Each line containing the string "Import" should be copied out of the entries.

==== THE INPUT ====

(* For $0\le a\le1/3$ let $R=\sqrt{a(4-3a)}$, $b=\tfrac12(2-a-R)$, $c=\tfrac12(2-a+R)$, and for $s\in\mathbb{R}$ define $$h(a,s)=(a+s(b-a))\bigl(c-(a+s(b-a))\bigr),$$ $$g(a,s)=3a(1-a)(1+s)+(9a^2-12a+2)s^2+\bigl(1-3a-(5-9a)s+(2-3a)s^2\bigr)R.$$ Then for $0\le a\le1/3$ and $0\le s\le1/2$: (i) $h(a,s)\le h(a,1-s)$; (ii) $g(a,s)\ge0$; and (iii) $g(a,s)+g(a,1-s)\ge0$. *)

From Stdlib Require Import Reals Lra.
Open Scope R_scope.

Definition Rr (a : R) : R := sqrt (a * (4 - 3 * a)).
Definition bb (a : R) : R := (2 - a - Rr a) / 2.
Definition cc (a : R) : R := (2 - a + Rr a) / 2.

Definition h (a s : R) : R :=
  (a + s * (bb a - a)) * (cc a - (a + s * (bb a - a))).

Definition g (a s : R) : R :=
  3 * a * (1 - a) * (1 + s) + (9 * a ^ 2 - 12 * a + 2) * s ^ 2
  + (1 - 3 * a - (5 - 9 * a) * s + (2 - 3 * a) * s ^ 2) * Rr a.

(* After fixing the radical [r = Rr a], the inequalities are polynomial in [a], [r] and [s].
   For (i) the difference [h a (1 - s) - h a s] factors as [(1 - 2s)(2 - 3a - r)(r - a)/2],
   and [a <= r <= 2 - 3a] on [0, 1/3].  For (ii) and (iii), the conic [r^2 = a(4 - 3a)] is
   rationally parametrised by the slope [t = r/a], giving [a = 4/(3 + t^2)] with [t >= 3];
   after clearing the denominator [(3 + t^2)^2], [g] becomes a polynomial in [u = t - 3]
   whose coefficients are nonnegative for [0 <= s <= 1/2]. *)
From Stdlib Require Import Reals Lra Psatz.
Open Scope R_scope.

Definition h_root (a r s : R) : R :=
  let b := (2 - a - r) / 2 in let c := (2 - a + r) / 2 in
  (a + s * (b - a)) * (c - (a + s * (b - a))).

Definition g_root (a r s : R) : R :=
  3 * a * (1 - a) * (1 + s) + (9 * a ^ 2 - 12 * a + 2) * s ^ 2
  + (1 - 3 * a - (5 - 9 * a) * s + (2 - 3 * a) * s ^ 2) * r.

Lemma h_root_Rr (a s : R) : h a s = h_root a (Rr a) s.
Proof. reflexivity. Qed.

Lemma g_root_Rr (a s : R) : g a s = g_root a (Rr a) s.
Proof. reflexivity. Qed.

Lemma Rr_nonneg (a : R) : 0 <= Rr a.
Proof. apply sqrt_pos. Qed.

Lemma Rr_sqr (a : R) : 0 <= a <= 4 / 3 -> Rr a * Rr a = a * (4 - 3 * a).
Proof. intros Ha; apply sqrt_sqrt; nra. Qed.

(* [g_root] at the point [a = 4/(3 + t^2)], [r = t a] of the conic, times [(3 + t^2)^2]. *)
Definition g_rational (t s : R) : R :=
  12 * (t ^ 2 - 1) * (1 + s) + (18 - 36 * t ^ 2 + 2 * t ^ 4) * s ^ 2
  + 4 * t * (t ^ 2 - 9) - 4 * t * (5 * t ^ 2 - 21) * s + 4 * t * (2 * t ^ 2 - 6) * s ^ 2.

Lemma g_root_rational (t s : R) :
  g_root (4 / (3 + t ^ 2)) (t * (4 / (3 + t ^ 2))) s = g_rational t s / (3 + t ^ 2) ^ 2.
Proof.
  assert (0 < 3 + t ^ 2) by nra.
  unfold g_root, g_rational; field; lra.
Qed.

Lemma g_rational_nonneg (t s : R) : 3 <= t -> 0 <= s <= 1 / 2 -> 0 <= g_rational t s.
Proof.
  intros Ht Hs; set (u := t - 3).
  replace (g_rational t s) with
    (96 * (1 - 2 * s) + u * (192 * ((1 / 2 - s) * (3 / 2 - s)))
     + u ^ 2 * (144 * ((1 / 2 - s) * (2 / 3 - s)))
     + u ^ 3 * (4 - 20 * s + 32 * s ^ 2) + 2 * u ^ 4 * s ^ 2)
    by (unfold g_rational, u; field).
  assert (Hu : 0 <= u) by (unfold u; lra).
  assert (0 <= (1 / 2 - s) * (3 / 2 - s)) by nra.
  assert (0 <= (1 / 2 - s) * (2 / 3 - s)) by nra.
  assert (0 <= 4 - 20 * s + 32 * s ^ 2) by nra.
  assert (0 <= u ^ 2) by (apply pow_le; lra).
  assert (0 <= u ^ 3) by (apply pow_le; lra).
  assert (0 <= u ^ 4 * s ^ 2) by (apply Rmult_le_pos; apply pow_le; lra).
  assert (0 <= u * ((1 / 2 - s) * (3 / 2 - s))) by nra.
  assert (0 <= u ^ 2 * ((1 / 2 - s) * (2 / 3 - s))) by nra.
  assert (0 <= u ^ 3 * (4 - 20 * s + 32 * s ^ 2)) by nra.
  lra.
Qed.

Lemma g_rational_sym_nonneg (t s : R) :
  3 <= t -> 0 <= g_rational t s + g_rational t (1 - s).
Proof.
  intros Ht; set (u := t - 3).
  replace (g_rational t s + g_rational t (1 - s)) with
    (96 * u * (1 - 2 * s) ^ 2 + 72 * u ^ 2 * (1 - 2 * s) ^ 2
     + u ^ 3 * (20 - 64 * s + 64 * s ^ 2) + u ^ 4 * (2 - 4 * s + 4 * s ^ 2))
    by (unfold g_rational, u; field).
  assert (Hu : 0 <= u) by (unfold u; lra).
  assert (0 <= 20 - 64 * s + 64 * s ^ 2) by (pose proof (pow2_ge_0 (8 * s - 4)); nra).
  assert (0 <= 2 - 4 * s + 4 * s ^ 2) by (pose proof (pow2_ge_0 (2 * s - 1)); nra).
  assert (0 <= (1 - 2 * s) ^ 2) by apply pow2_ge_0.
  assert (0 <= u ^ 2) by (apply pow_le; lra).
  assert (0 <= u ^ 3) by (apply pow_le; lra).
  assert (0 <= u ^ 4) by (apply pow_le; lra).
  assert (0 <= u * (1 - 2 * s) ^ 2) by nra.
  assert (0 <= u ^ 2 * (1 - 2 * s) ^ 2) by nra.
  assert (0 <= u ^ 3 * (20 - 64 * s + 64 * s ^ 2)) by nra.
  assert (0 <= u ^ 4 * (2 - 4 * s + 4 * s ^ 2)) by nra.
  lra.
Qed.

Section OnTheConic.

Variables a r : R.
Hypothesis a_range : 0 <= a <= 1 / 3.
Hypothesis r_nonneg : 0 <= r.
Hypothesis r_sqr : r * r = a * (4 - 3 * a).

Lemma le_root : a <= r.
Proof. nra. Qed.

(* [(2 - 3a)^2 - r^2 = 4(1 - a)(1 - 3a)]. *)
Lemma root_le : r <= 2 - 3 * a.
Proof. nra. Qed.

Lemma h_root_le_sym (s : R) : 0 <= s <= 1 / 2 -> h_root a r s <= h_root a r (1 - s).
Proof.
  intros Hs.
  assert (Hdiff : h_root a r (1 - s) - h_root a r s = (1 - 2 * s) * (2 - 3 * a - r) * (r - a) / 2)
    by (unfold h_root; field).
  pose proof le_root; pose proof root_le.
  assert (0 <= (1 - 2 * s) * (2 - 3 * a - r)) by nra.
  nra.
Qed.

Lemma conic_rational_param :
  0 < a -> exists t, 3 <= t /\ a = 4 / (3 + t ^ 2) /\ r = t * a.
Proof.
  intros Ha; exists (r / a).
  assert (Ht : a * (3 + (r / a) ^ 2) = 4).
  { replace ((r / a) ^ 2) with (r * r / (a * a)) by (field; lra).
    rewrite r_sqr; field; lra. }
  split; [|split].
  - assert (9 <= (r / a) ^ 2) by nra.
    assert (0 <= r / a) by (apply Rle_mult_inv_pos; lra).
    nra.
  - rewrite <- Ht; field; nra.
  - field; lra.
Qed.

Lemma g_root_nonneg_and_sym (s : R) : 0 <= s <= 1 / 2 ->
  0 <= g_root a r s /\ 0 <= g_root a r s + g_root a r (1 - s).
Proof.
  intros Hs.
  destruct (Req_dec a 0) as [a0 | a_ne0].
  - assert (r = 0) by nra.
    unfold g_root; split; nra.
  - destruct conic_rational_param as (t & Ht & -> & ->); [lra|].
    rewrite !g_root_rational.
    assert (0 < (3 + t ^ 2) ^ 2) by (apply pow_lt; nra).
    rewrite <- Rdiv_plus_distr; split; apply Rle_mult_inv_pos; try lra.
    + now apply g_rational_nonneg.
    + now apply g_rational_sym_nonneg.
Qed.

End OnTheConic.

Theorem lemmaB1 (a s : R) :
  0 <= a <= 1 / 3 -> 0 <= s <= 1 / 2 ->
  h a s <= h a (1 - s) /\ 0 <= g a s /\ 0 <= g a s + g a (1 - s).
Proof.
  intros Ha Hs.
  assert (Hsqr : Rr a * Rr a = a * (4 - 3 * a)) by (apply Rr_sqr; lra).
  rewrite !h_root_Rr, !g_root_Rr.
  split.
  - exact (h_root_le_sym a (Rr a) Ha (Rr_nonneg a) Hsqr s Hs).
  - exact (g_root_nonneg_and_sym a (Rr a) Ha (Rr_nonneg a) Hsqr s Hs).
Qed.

====

■ YOUR SOLUTION ■
From Stdlib Require Import Reals Lra.
From Stdlib Require Import Reals Lra Psatz.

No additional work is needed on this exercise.